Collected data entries
────

(* Let $\tilde R\le0$ and let the intervention set $\mathcal I$ be partial; write $\tilde V^*(d_0)=\sup_\pi\tilde V^\pi(d_0)$. (1) For any policy $\pi$, $\tilde V^*(d_0)\ge\tilde J^\pi_+$, where $\tilde J^\pi_+=\frac1{1-\gamma}\mathbb E_{(s,a)\sim\tilde d^\pi}[r(s,a)\mathbb 1\{(s,a)\in(\mathcal S_{\mathrm{safe}}\times\mathcal A)\setminus\mathcal I\}]$. (2) If $\tilde{\mathcal M}$ admits an optimal policy, then it admits an optimal policy $\tilde\pi^*$ with $\mathbb E_{(s,a)\sim\tilde d^{\tilde\pi^*}}[\mathbb 1\{(s,a)\in\mathcal I\}]=0$. (3) If $\tilde R<0$, every optimal policy $\tilde\pi^*$ of $\tilde{\mathcal M}$ satisfies $\mathbb E_{(s,a)\sim\tilde d^{\tilde\pi^*}}[\mathbb 1\{(s,a)\in\mathcal I\}]=0$.
   Context: $\mathcal M=(\mathcal S,\mathcal A,P,r,\gamma)$ is a discounted MDP with discrete state and action spaces, reward $r(s,a)\in[0,1]$, discount $\gamma\in[0,1)$, initial distribution $d_0$. $\mathcal S$ contains two distinguished states $s_\triangleright,s_\circ$ forming $\mathcal S_{\mathrm{unsafe}}$; $\mathcal S_{\mathrm{safe}}=\mathcal S\setminus\mathcal S_{\mathrm{unsafe}}$; from $s_\triangleright$ every action leads to $s_\circ$, $s_\circ$ is absorbing, $r=0$ on $\mathcal S_{\mathrm{unsafe}}$. Policies are stationary. An intervention rule $\mathcal G=(\bar Q,\mu,\eta)$ (backup policy $\mu$, $\eta\in[0,1]$, $\bar Q:\mathcal S_{\mathrm{safe}}\times\mathcal A\to[0,1]$) has intervention set $\mathcal I=\{(s,a)\in\mathcal S_{\mathrm{safe}}\times\mathcal A:\bar Q(s,a)-\mathbb E_{a'\sim\mu(\cdot|s)}\bar Q(s,a')>\eta\}$; a set $\mathcal X\subseteq\mathcal S_{\mathrm{safe}}\times\mathcal A$ is partial if for every $(s,a)\in\mathcal X$ there is $a'$ with $(s,a')\notin\mathcal X$. The absorbing MDP $\tilde{\mathcal M}=(\mathcal S\cup\{s_\dagger\},\mathcal A,\tilde P,\tilde r,\gamma)$ has $\tilde r(s,a)=\tilde R$ if $(s,a)\in\mathcal I$, $\tilde r(s_\dagger,a)=0$, $\tilde r=r$ otherwise; $\tilde P(\cdot|s,a)$ is the point mass at $s_\dagger$ if $(s,a)\in\mathcal I$ or $s=s_\dagger$, else $P(\cdot|s,a)$. Policies are extended to $s_\dagger$ arbitrarily. $\tilde V^\pi(d_0)$ is the value of $\pi$ in $\tilde{\mathcal M}$ from $s_0\sim d_0$, $\tilde d^\pi(s,a)=(1-\gamma)\sum_t\gamma^t\Pr(s_t=s,a_t=a)$ in $\tilde{\mathcal M}$; a policy is optimal if it attains $\tilde V^*(d_0)$. *)

(* Discrete (possibly infinite) state/action spaces,
   sums over them via [esum] (nonnegative extended-real summation). *)
From HB Require Import structures.
From mathcomp Require Import all_boot all_order all_algebra.
From mathcomp Require Import all_classical all_reals.
From mathcomp Require Import ereal esum.
Set Implicit Arguments. Unset Strict Implicit. Unset Printing Implicit Defensive.
Import Order.TTheory GRing.Theory Num.Theory.
Local Open Scope classical_set_scope.
Local Open Scope ring_scope.

Section Defs.
Variables (R : realType) (S A : choiceType).

Definition is_distr (T : choiceType) (p : T -> R) : Prop :=
  (forall x, 0 <= p x) /\ \esum_(x in [set: T]) (p x)%:E = 1%E.

Definition is_policy (pi : S -> A -> R) : Prop := forall s, is_distr (pi s).

Definition safe (s_tri s_circ s : S) : Prop := s <> s_tri /\ s <> s_circ.

Definition interv (s_tri s_circ : S) (Qbar : S -> A -> R) (mu : S -> A -> R)
  (eta : R) (s : S) (a : A) : Prop :=
  safe s_tri s_circ s /\
  (eta%:E < (Qbar s a)%:E - \esum_(a' in [set: A]) (mu s a' * Qbar s a')%:E)%E.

────

### EXERCISE BRIEF:
Repeat each of the entries exactly as written.

### YOUR RESPONSE:
(* Let $\tilde R\le0$ and let the intervention set $\mathcal I$ be partial; write $\tilde V^*(d_0)=\sup_\pi\tilde V^\pi(d_0)$. (1) For any policy $\pi$, $\tilde V^*(d_0)\ge\tilde J^\pi_+$, where $\tilde J^\pi_+=\frac1{1-\gamma}\mathbb E_{(s,a)\sim\tilde d^\pi}[r(s,a)\mathbb 1\{(s,a)\in(\mathcal S_{\mathrm{safe}}\times\mathcal A)\setminus\mathcal I\}]$. (2) If $\tilde{\mathcal M}$ admits an optimal policy, then it admits an optimal policy $\tilde\pi^*$ with $\mathbb E_{(s,a)\sim\tilde d^{\tilde\pi^*}}[\mathbb 1\{(s,a)\in\mathcal I\}]=0$. (3) If $\tilde R<0$, every optimal policy $\tilde\pi^*$ of $\tilde{\mathcal M}$ satisfies $\mathbb E_{(s,a)\sim\tilde d^{\tilde\pi^*}}[\mathbb 1\{(s,a)\in\mathcal I\}]=0$.
   Context: $\mathcal M=(\mathcal S,\mathcal A,P,r,\gamma)$ is a discounted MDP with discrete state and action spaces, reward $r(s,a)\in[0,1]$, discount $\gamma\in[0,1)$, initial distribution $d_0$. $\mathcal S$ contains two distinguished states $s_\triangleright,s_\circ$ forming $\mathcal S_{\mathrm{unsafe}}$; $\mathcal S_{\mathrm{safe}}=\mathcal S\setminus\mathcal S_{\mathrm{unsafe}}$; from $s_\triangleright$ every action leads to $s_\circ$, $s_\circ$ is absorbing, $r=0$ on $\mathcal S_{\mathrm{unsafe}}$. Policies are stationary. An intervention rule $\mathcal G=(\bar Q,\mu,\eta)$ (backup policy $\mu$, $\eta\in[0,1]$, $\bar Q:\mathcal S_{\mathrm{safe}}\times\mathcal A\to[0,1]$) has intervention set $\mathcal I=\{(s,a)\in\mathcal S_{\mathrm{safe}}\times\mathcal A:\bar Q(s,a)-\mathbb E_{a'\sim\mu(\cdot|s)}\bar Q(s,a')>\eta\}$; a set $\mathcal X\subseteq\mathcal S_{\mathrm{safe}}\times\mathcal A$ is partial if for every $(s,a)\in\mathcal X$ there is $a'$ with $(s,a')\notin\mathcal X$. The absorbing MDP $\tilde{\mathcal M}=(\mathcal S\cup\{s_\dagger\},\mathcal A,\tilde P,\tilde r,\gamma)$ has $\tilde r(s,a)=\tilde R$ if $(s,a)\in\mathcal I$, $\tilde r(s_\dagger,a)=0$, $\tilde r=r$ otherwise; $\tilde P(\cdot|s,a)$ is the point mass at $s_\dagger$ if $(s,a)\in\mathcal I$ or $s=s_\dagger$, else $P(\cdot|s,a)$. Policies are extended to $s_\dagger$ arbitrarily. $\tilde V^\pi(d_0)$ is the value of $\pi$ in $\tilde{\mathcal M}$ from $s_0\sim d_0$, $\tilde d^\pi(s,a)=(1-\gamma)\sum_t\gamma^t\Pr(s_t=s,a_t=a)$ in $\tilde{\mathcal M}$; a policy is optimal if it attains $\tilde V^*(d_0)$. *)

(* Discrete (possibly infinite) state/action spaces,
   sums over them via [esum] (nonnegative extended-real summation). *)
From HB Require Import structures.
From mathcomp Require Import all_boot all_order all_algebra.
From mathcomp Require Import all_classical all_reals.
From mathcomp Require Import ereal esum.
Set Implicit Arguments. Unset Strict Implicit. Unset Printing Implicit Defensive.
Import Order.TTheory GRing.Theory Num.Theory.
Local Open Scope classical_set_scope.
Local Open Scope ring_scope.

Section Defs.
Variables (R : realType) (S A : choiceType).

Definition is_distr (T : choiceType) (p : T -> R) : Prop :=
  (forall x, 0 <= p x) /\ \esum_(x in [set: T]) (p x)%:E = 1%E.

Definition is_policy (pi : S -> A -> R) : Prop := forall s, is_distr (pi s).

Definition safe (s_tri s_circ s : S) : Prop := s <> s_tri /\ s <> s_circ.

Definition interv (s_tri s_circ : S) (Qbar : S -> A -> R) (mu : S -> A -> R)
  (eta : R) (s : S) (a : A) : Prop :=
  safe s_tri s_circ s /\
  (eta%:E < (Qbar s a)%:E - \esum_(a' in [set: A]) (mu s a' * Qbar s a')%:E)%E.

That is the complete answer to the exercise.